======== GIVEN INFORMATION

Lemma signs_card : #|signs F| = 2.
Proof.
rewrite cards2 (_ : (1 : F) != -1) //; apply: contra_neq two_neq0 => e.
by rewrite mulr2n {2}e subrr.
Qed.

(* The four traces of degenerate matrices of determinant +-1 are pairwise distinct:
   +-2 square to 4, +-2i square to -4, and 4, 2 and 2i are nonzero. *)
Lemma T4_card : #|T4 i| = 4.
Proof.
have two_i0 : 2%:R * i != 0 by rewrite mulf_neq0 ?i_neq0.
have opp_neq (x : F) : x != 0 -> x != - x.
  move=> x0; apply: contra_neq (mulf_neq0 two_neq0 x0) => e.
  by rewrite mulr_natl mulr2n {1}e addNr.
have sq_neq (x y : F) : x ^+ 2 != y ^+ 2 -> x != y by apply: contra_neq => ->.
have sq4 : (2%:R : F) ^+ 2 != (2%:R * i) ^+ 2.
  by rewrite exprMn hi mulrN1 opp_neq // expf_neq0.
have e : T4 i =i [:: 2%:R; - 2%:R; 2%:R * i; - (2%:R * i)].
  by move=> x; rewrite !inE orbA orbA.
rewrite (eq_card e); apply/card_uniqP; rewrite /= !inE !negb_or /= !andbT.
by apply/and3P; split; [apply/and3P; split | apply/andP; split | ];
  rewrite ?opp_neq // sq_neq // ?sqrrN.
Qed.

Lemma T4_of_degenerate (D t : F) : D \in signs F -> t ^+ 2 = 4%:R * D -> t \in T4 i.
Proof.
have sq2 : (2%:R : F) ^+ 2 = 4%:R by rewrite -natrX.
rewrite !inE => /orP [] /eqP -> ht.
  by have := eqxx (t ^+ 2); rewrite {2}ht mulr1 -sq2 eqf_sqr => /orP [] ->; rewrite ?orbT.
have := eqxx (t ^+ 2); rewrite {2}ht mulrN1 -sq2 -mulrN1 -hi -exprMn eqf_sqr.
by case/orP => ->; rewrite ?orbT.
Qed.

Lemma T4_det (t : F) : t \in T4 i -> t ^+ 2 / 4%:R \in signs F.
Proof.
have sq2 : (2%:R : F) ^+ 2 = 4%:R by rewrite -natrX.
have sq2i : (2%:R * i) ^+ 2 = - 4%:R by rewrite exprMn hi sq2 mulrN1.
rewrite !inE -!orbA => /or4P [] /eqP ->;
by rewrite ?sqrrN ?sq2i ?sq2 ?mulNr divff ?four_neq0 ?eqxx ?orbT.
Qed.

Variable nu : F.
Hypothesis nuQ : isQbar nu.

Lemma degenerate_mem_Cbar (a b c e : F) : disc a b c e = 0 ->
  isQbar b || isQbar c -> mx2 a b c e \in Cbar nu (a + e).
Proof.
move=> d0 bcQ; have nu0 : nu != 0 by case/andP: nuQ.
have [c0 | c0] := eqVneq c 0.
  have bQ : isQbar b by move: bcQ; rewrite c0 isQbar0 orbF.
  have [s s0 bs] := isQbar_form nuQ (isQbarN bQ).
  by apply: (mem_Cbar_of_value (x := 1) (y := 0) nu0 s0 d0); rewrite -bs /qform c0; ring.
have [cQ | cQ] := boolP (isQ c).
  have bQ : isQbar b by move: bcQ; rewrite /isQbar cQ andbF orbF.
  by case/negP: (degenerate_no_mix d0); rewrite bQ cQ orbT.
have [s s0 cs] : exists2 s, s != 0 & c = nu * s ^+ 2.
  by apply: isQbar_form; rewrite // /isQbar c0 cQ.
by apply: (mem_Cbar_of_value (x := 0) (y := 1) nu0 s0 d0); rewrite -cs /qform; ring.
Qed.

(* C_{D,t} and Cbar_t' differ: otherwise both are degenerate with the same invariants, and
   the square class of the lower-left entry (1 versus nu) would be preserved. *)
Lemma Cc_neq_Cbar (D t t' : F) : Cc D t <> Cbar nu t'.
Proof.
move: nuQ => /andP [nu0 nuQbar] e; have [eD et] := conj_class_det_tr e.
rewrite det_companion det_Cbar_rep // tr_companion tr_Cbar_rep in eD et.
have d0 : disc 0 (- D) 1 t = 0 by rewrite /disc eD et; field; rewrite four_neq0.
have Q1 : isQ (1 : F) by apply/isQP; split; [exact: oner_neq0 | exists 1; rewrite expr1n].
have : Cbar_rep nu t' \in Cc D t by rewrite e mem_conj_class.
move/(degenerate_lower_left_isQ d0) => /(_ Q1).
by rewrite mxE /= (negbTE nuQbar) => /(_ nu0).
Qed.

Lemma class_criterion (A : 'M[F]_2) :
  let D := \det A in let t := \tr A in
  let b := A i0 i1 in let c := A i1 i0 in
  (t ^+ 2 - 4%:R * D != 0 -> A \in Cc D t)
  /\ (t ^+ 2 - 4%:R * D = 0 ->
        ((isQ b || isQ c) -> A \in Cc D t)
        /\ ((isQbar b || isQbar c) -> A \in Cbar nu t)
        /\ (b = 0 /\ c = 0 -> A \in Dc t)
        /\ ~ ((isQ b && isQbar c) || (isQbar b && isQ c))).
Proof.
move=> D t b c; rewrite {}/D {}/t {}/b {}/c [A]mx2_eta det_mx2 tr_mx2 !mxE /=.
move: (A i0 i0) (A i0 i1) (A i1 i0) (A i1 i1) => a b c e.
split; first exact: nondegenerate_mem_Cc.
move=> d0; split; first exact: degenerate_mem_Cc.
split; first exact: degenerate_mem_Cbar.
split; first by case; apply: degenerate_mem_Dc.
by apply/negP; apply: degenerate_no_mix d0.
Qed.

================
======== GIVEN INFORMATION

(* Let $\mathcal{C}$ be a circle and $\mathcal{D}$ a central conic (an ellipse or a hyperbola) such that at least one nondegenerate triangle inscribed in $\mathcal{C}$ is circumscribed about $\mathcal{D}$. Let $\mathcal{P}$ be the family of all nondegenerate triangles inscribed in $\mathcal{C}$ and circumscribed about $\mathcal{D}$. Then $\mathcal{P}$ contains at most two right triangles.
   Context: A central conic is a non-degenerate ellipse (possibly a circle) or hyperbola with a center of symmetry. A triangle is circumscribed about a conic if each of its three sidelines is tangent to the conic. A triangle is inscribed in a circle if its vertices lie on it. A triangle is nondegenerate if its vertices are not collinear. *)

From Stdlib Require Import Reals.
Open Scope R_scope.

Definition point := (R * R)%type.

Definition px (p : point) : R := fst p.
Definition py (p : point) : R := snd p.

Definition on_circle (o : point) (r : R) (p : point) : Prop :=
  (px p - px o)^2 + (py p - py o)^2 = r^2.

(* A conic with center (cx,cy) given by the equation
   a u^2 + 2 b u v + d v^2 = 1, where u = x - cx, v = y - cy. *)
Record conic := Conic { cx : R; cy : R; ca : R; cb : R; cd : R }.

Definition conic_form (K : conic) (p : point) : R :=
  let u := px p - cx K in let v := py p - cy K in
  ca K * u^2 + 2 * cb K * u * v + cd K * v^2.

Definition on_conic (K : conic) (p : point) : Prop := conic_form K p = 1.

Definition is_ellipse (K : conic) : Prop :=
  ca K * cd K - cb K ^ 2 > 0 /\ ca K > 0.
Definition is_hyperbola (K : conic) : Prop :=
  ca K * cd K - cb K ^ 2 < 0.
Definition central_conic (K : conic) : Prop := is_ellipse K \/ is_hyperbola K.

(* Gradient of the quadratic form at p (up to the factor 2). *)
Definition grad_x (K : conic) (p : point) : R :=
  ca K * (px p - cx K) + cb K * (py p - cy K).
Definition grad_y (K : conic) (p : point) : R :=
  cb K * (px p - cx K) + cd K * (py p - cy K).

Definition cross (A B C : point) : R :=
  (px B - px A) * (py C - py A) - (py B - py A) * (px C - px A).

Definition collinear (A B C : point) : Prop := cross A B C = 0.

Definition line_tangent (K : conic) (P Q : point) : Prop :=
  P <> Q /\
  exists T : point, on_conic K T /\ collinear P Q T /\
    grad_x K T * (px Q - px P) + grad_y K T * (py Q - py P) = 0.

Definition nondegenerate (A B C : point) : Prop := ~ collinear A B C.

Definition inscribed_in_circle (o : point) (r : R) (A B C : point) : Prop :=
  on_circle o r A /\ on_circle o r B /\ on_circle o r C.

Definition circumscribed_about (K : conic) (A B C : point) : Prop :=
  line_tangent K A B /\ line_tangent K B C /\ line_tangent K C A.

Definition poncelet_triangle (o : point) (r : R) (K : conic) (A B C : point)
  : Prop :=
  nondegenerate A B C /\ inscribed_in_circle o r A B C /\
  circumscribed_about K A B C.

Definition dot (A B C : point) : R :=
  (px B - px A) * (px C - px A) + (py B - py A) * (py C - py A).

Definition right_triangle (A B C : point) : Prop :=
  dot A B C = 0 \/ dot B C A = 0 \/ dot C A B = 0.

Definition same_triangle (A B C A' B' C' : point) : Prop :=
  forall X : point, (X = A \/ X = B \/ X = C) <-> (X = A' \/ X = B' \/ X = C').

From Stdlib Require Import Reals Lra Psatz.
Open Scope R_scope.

================
======== GIVEN INFORMATION

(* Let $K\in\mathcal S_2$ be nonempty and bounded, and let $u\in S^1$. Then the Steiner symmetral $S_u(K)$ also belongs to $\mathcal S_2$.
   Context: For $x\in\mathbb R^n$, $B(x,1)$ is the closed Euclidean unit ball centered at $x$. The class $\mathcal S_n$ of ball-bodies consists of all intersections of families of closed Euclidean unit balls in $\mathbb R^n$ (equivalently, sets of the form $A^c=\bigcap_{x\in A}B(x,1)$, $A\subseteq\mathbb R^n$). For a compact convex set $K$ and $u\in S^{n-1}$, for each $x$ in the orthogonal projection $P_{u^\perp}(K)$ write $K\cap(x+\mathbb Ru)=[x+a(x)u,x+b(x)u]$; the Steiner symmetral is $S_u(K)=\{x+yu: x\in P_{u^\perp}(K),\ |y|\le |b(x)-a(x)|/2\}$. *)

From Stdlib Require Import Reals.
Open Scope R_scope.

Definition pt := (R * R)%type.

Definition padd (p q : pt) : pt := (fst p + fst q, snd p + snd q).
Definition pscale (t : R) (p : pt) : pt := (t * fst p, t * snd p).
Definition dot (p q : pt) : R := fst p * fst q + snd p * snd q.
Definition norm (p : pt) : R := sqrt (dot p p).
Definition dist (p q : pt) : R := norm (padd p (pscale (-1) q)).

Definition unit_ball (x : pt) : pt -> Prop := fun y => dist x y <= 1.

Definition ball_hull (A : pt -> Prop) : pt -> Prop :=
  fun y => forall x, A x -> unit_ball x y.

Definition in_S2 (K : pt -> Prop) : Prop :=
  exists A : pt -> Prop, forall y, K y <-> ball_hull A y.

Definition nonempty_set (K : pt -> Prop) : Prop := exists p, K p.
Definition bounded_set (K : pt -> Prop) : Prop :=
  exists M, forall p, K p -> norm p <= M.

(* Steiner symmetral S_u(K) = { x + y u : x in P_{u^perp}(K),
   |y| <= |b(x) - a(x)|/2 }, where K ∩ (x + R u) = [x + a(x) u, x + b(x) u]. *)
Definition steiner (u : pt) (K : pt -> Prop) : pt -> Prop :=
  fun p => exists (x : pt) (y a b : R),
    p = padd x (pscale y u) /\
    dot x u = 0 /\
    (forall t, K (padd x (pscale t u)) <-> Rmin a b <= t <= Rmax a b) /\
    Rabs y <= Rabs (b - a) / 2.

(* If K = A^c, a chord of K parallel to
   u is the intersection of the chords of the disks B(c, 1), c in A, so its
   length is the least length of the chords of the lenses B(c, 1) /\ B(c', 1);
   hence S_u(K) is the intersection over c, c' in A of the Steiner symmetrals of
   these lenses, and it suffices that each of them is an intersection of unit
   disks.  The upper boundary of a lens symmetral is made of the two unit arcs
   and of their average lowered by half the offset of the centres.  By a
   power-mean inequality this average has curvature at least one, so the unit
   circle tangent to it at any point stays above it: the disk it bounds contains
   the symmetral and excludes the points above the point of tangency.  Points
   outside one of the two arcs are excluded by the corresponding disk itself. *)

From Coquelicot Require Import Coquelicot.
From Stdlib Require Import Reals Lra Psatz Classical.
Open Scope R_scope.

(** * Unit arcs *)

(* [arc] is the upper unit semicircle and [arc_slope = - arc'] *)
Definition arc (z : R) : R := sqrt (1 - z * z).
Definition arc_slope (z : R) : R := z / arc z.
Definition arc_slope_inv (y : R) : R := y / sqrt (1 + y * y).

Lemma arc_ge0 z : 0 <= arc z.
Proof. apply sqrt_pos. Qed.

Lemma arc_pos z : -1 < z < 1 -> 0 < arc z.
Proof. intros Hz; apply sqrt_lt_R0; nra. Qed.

================

| EXERCISE |
Look through the data above and report every line in which "move" appears.

| EXPECTED OUTPUT |
  move=> x0; apply: contra_neq (mulf_neq0 two_neq0 x0) => e.
  by move=> x; rewrite !inE orbA orbA.
move=> d0 bcQ; have nu0 : nu != 0 by case/andP: nuQ.
  have bQ : isQbar b by move: bcQ; rewrite c0 isQbar0 orbF.
  have bQ : isQbar b by move: bcQ; rewrite /isQbar cQ andbF orbF.
move: nuQ => /andP [nu0 nuQbar] e; have [eD et] := conj_class_det_tr e.
move/(degenerate_lower_left_isQ d0) => /(_ Q1).
move=> D t b c; rewrite {}/D {}/t {}/b {}/c [A]mx2_eta det_mx2 tr_mx2 !mxE /=.
move: (A i0 i0) (A i0 i1) (A i1 i0) (A i1 i1) => a b c e.
move=> d0; split; first exact: degenerate_mem_Cc.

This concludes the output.